- _Directions_: Among the entries below, extract exactly the lines that run from the one with "forall J, is_sigma_ideal J -> (forall" through the one with "absent from m", both ends included.

- _Material to process_:
============

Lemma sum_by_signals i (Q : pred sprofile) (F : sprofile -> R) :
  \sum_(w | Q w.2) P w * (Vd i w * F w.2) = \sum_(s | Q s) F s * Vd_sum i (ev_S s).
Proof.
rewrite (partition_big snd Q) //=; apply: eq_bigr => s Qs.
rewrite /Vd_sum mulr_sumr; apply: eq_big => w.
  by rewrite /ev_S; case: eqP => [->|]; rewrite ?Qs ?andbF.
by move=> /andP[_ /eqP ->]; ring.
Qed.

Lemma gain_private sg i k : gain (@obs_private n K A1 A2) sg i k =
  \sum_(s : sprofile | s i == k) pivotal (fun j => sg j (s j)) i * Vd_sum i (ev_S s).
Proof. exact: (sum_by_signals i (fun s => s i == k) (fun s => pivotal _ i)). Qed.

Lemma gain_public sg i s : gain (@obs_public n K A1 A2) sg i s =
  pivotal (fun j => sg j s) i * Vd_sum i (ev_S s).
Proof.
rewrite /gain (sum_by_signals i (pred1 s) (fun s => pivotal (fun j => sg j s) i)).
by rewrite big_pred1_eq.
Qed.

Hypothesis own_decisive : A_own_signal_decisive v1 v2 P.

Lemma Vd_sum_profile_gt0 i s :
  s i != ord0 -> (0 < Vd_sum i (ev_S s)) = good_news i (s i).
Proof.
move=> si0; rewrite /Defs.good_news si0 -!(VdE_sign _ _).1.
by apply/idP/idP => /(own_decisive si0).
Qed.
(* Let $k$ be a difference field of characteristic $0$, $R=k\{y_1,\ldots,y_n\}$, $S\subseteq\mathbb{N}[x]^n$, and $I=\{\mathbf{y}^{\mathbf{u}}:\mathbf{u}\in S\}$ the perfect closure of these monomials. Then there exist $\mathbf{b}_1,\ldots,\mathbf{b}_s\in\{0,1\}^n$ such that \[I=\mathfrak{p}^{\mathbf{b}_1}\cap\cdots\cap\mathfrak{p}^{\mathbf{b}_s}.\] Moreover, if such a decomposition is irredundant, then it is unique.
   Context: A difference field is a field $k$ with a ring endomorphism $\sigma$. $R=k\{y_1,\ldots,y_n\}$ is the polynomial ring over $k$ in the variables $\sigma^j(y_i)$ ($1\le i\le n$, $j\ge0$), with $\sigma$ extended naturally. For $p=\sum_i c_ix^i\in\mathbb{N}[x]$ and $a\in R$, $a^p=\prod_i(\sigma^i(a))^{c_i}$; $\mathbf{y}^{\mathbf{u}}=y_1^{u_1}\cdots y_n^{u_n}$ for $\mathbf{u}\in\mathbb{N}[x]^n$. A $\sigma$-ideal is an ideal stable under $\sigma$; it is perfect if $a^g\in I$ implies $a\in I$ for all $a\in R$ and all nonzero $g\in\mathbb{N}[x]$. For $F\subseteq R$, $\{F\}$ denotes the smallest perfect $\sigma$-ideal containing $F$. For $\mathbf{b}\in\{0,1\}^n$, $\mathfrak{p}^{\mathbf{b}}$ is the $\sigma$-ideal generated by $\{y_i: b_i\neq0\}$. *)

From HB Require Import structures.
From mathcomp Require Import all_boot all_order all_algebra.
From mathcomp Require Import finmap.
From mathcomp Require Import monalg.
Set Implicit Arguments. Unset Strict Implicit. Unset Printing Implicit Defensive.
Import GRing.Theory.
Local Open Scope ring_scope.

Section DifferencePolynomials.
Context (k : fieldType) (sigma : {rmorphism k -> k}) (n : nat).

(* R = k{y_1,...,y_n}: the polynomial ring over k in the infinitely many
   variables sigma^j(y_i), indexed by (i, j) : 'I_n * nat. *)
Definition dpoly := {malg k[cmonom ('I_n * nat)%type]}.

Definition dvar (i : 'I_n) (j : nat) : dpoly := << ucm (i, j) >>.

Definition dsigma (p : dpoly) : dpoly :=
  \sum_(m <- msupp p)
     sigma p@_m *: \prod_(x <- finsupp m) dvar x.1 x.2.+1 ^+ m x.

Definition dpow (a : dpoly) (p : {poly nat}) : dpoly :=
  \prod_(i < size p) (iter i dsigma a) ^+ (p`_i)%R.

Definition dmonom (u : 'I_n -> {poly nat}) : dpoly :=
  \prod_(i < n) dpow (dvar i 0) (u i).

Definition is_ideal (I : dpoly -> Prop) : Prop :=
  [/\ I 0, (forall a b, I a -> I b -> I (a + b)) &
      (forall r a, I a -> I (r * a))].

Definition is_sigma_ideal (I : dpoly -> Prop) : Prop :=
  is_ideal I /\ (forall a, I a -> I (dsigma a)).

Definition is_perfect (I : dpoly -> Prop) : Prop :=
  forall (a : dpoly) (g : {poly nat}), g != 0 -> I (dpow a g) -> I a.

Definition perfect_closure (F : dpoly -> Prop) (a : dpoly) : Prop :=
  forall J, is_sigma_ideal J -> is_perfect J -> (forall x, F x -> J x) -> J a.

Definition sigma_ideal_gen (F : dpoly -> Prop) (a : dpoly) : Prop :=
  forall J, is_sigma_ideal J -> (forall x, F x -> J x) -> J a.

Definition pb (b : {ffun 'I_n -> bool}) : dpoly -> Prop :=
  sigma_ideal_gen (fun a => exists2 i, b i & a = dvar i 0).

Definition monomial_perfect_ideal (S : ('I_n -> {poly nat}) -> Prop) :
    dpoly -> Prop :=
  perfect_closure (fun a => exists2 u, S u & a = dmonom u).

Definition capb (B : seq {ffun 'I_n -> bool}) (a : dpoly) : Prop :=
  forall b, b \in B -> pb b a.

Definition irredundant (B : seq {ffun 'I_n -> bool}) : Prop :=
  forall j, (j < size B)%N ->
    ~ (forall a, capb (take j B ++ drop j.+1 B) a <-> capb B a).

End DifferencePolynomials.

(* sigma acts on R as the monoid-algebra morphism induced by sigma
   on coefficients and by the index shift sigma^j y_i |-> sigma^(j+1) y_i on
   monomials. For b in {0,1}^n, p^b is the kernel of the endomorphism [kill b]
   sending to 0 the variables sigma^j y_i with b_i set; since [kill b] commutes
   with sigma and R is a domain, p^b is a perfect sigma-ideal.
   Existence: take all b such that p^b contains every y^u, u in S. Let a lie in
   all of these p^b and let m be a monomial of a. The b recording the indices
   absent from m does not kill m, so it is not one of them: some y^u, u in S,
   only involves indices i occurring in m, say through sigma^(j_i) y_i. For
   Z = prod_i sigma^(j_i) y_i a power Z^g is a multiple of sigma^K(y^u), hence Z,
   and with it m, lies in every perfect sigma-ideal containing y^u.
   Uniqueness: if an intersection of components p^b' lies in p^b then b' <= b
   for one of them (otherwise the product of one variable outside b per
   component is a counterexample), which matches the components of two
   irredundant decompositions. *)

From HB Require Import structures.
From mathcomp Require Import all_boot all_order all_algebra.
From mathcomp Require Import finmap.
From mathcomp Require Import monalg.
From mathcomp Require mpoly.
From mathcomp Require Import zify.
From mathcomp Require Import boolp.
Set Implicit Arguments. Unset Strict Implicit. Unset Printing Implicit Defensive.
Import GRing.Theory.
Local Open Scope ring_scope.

============

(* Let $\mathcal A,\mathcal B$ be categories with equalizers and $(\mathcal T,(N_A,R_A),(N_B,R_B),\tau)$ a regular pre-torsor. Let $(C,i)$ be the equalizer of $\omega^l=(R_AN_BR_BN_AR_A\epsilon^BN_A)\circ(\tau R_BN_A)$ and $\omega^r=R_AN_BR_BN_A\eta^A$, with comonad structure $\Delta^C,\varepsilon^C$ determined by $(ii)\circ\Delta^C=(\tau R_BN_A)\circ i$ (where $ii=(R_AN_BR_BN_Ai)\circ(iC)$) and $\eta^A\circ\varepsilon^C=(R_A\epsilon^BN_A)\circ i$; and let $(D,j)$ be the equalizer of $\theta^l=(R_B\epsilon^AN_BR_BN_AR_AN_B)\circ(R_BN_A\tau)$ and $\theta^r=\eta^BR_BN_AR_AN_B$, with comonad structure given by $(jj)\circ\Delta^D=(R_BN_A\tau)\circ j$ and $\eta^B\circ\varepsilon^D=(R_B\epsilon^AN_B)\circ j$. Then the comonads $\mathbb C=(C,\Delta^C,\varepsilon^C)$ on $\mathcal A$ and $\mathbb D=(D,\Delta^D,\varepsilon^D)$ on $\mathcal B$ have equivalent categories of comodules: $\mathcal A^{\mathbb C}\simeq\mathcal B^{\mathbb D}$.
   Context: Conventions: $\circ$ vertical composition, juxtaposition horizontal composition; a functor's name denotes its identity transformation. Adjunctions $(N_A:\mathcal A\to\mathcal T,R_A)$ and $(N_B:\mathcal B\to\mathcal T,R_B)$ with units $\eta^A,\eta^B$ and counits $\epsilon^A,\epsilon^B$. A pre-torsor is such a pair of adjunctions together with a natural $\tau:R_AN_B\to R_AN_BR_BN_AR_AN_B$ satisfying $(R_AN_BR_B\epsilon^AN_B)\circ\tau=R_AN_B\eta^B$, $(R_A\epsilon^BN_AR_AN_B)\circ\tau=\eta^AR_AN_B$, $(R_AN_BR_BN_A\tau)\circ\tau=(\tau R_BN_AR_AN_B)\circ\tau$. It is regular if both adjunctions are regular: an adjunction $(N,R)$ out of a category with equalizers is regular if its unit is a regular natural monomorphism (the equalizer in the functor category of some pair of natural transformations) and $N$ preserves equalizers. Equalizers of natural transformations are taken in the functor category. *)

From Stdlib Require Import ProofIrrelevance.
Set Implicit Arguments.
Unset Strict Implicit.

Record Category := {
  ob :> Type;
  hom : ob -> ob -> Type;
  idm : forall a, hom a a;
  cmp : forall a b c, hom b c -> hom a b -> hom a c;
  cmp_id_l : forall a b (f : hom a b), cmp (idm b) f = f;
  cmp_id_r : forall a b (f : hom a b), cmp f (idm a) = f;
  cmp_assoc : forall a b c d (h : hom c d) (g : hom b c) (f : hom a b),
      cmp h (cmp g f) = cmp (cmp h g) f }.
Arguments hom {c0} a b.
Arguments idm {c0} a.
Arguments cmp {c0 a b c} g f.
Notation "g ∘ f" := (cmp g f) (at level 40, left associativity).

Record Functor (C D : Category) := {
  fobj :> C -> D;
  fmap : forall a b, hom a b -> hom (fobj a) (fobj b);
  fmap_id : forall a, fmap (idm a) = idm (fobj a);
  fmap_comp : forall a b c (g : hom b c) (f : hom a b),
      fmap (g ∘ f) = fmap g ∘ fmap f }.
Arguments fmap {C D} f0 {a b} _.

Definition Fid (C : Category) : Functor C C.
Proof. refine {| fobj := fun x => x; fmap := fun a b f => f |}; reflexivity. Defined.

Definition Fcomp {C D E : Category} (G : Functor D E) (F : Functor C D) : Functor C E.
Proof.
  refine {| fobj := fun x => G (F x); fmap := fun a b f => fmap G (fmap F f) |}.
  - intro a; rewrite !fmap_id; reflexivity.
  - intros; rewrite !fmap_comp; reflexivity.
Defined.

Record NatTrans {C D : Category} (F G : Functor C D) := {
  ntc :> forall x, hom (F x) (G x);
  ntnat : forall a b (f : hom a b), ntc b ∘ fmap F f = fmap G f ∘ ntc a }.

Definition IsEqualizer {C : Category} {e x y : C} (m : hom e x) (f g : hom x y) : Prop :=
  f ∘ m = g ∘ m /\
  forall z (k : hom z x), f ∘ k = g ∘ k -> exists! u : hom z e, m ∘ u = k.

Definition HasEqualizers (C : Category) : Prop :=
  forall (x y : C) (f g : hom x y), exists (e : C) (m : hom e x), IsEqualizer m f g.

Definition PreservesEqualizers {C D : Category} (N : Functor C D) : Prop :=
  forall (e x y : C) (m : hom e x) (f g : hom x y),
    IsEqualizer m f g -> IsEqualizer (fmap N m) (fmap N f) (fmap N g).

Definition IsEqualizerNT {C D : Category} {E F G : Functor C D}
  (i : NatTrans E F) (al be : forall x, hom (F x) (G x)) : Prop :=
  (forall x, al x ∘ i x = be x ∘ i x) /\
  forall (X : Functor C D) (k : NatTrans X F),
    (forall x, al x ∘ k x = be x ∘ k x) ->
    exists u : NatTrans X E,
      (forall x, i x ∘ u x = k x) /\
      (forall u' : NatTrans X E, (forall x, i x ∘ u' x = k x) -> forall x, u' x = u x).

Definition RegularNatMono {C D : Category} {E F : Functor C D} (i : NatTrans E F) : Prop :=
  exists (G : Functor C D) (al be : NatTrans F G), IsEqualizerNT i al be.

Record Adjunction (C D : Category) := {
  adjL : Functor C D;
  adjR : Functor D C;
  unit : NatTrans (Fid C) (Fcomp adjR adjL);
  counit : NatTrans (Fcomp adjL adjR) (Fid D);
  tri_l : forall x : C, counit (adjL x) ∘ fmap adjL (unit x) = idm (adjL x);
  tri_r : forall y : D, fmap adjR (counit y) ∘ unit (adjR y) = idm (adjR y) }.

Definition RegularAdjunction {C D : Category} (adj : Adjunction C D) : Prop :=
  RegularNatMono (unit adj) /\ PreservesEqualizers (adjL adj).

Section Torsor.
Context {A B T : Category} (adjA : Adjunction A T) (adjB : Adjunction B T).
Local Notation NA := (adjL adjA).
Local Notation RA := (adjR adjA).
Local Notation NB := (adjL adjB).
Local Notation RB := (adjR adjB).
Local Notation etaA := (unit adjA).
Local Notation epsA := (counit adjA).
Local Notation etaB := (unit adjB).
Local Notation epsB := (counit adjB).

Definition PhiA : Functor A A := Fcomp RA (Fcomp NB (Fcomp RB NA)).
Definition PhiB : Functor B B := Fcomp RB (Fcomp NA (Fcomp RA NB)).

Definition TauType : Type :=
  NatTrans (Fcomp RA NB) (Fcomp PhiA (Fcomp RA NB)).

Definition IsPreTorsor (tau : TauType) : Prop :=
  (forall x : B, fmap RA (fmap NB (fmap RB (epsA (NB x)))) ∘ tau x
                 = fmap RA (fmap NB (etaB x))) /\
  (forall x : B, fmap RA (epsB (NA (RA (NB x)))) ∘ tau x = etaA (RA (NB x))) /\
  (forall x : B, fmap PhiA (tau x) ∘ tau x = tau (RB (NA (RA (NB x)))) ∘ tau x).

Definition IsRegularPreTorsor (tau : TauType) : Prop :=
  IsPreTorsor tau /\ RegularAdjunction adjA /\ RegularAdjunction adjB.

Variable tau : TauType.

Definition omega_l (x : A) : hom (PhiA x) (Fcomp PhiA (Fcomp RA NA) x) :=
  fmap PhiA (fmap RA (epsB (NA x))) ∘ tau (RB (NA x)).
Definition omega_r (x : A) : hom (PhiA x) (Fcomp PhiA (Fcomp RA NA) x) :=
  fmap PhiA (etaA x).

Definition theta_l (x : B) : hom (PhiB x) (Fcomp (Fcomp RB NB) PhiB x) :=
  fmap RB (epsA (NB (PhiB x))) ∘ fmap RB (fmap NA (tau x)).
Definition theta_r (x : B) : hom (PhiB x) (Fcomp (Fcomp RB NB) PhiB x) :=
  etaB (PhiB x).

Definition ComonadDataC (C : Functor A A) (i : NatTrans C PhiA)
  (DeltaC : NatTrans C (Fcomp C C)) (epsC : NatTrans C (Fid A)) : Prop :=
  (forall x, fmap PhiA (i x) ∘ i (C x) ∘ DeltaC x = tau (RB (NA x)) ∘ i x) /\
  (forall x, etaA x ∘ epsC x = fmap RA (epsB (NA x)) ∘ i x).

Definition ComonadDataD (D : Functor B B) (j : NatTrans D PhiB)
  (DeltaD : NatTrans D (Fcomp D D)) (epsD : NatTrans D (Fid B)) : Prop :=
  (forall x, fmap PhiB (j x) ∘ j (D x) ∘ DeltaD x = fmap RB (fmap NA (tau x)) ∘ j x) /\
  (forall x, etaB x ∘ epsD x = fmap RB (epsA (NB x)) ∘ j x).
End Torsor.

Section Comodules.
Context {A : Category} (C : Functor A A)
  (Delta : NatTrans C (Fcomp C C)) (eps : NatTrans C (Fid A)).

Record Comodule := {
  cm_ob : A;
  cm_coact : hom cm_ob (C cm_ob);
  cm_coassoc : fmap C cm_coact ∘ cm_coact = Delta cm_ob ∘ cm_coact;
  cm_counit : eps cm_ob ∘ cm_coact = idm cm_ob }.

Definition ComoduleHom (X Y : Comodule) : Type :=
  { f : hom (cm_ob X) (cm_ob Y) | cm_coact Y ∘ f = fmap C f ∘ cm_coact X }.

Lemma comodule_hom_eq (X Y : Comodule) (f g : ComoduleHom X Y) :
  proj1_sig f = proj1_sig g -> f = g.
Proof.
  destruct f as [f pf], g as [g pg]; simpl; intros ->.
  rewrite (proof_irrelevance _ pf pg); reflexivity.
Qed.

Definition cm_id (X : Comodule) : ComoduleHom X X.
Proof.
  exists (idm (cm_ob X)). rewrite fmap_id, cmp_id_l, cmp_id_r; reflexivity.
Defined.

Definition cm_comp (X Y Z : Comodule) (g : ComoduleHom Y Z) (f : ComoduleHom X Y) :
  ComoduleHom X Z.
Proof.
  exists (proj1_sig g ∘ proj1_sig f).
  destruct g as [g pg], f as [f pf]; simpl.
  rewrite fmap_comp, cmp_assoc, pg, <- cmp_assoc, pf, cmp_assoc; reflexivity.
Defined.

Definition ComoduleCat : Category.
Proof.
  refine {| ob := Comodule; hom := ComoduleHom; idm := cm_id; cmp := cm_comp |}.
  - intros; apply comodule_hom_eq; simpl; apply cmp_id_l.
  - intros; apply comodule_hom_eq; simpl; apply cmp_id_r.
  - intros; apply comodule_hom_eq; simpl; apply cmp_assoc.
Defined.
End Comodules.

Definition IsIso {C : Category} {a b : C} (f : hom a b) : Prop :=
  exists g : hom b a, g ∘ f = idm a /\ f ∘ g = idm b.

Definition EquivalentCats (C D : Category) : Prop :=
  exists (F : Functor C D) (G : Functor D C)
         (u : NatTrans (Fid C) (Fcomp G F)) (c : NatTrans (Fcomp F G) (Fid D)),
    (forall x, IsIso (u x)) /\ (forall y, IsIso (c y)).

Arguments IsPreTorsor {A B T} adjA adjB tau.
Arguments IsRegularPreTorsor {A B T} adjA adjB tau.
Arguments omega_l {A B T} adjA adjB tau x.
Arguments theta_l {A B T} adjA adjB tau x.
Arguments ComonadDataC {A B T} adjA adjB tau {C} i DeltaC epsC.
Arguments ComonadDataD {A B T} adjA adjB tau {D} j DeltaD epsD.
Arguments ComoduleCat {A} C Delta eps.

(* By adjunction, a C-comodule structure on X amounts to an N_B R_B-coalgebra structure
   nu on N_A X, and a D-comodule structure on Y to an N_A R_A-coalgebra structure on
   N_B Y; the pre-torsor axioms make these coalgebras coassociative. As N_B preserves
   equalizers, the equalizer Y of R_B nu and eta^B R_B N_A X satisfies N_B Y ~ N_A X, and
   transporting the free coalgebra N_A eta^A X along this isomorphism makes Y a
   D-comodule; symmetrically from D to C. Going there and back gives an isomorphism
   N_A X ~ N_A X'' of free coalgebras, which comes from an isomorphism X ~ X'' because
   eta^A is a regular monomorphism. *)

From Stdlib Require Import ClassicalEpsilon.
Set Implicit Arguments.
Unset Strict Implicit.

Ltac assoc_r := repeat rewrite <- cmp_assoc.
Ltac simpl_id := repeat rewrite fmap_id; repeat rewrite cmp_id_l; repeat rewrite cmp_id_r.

============

- _Reply to the task_:
  forall J, is_sigma_ideal J -> (forall x, F x -> J x) -> J a.

Definition pb (b : {ffun 'I_n -> bool}) : dpoly -> Prop :=
  sigma_ideal_gen (fun a => exists2 i, b i & a = dvar i 0).

Definition monomial_perfect_ideal (S : ('I_n -> {poly nat}) -> Prop) :
    dpoly -> Prop :=
  perfect_closure (fun a => exists2 u, S u & a = dmonom u).

Definition capb (B : seq {ffun 'I_n -> bool}) (a : dpoly) : Prop :=
  forall b, b \in B -> pb b a.

Definition irredundant (B : seq {ffun 'I_n -> bool}) : Prop :=
  forall j, (j < size B)%N ->
    ~ (forall a, capb (take j B ++ drop j.+1 B) a <-> capb B a).

End DifferencePolynomials.

(* sigma acts on R as the monoid-algebra morphism induced by sigma
   on coefficients and by the index shift sigma^j y_i |-> sigma^(j+1) y_i on
   monomials. For b in {0,1}^n, p^b is the kernel of the endomorphism [kill b]
   sending to 0 the variables sigma^j y_i with b_i set; since [kill b] commutes
   with sigma and R is a domain, p^b is a perfect sigma-ideal.
   Existence: take all b such that p^b contains every y^u, u in S. Let a lie in
   all of these p^b and let m be a monomial of a. The b recording the indices
   absent from m does not kill m, so it is not one of them: some y^u, u in S,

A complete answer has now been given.